▼▼▼

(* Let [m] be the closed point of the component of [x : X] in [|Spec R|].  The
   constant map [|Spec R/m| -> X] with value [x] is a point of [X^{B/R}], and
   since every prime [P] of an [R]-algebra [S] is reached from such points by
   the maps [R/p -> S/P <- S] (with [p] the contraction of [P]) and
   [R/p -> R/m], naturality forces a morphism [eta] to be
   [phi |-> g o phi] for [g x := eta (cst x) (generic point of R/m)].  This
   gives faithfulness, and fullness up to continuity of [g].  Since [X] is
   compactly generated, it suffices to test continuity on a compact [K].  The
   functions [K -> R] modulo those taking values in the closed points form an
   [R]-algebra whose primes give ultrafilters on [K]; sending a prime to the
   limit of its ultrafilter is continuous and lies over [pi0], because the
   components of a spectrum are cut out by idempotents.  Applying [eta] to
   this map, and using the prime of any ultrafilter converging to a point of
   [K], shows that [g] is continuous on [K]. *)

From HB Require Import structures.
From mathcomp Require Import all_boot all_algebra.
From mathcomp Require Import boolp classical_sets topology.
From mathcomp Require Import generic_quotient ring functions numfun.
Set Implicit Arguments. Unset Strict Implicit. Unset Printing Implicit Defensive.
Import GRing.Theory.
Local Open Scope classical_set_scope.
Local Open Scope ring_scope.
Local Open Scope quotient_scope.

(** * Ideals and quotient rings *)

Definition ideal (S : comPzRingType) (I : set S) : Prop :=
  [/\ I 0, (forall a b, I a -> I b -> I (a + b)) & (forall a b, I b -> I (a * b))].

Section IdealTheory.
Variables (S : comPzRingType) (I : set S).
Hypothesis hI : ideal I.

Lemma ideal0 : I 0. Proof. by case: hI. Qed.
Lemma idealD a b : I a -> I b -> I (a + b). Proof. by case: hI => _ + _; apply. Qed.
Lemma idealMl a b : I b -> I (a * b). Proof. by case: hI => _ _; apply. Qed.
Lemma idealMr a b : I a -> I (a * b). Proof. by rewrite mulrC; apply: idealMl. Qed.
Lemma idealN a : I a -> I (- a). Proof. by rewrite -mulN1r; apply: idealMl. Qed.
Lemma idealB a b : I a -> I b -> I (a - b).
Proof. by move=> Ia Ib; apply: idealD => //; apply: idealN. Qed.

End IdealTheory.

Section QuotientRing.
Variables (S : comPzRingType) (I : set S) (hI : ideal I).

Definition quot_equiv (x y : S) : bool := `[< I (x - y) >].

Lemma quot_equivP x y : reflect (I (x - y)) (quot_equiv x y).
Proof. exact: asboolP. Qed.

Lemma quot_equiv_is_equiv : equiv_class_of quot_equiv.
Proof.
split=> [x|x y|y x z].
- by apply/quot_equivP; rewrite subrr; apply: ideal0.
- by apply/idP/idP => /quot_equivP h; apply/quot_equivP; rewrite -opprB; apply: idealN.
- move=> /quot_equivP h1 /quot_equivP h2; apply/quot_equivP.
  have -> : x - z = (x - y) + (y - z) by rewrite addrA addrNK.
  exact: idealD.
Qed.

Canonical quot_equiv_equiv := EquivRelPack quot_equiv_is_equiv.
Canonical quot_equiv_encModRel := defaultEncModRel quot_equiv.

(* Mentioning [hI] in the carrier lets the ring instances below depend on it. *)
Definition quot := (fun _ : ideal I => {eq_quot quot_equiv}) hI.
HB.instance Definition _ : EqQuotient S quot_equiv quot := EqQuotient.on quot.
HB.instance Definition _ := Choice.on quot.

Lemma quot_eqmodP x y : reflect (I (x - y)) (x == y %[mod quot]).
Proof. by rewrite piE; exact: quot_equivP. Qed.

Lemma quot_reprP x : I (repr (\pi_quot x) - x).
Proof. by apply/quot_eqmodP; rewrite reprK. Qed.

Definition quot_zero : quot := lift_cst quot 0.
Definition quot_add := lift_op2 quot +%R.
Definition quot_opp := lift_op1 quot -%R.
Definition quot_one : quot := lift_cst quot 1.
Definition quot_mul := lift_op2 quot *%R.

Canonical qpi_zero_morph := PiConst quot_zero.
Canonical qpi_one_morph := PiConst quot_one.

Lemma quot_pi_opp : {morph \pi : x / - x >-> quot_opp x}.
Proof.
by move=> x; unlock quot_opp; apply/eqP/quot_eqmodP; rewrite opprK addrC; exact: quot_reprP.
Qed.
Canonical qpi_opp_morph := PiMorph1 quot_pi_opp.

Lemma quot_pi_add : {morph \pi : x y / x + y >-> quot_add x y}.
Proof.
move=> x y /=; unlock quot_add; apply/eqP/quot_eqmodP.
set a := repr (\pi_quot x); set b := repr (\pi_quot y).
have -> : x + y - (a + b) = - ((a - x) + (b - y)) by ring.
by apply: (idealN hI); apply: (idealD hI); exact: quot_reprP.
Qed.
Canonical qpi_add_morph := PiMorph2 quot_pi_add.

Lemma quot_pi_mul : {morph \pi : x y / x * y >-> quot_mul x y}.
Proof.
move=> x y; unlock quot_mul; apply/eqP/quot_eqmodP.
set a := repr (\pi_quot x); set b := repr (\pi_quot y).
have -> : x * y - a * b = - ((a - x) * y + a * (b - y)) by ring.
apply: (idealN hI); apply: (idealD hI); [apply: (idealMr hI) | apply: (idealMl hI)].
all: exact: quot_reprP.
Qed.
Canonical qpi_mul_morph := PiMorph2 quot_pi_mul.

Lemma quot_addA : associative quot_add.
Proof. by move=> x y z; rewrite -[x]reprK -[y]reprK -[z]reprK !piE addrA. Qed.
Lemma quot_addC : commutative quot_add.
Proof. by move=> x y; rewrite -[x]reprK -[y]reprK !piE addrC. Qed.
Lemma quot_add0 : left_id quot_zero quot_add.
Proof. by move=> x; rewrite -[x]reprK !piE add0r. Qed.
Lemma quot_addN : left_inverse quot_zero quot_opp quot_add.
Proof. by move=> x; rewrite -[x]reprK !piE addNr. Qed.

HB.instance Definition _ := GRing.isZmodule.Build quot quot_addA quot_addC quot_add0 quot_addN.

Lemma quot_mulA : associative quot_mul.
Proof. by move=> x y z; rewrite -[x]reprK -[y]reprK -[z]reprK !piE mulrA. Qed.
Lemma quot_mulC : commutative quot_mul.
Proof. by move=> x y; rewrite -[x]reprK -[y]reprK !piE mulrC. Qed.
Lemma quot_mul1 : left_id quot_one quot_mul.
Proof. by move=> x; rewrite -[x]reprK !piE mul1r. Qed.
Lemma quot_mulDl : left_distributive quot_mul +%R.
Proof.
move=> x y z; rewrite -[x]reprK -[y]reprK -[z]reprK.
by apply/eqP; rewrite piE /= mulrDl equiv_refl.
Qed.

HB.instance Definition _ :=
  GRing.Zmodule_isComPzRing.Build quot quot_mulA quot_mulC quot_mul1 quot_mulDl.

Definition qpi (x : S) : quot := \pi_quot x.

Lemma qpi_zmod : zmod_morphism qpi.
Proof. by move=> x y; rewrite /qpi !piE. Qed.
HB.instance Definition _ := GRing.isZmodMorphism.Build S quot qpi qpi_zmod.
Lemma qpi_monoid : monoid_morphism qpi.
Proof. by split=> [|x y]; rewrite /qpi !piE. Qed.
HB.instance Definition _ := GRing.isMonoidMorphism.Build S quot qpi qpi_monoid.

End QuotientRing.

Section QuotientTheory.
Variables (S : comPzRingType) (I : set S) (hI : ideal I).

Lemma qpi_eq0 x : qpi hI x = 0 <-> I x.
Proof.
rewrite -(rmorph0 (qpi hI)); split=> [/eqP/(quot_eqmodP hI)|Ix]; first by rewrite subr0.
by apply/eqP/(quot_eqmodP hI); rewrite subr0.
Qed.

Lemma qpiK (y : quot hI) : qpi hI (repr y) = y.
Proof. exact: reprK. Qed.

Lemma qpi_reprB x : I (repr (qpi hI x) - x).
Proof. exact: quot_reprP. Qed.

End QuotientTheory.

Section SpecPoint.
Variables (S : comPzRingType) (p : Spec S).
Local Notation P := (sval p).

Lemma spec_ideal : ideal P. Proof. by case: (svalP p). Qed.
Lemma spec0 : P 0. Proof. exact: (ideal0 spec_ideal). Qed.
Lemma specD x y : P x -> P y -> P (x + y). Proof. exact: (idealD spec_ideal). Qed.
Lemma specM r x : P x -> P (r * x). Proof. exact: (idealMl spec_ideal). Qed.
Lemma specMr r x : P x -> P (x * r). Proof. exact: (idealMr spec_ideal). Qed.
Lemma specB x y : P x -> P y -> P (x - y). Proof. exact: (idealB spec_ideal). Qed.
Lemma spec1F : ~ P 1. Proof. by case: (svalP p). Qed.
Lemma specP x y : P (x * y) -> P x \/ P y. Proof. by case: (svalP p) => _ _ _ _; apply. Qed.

▲▲▲

Write down exactly the line that contains "Variables (S : comPzRingType) (p : Spec S)." along with all later lines of the material, ending at its final line.

● **Exercise solution**
Variables (S : comPzRingType) (p : Spec S).
Local Notation P := (sval p).

Lemma spec_ideal : ideal P. Proof. by case: (svalP p). Qed.
Lemma spec0 : P 0. Proof. exact: (ideal0 spec_ideal). Qed.
Lemma specD x y : P x -> P y -> P (x + y). Proof. exact: (idealD spec_ideal). Qed.
Lemma specM r x : P x -> P (r * x). Proof. exact: (idealMl spec_ideal). Qed.
Lemma specMr r x : P x -> P (x * r). Proof. exact: (idealMr spec_ideal). Qed.
Lemma specB x y : P x -> P y -> P (x - y). Proof. exact: (idealB spec_ideal). Qed.
Lemma spec1F : ~ P 1. Proof. by case: (svalP p). Qed.
Lemma specP x y : P (x * y) -> P x \/ P y. Proof. by case: (svalP p) => _ _ _ _; apply. Qed.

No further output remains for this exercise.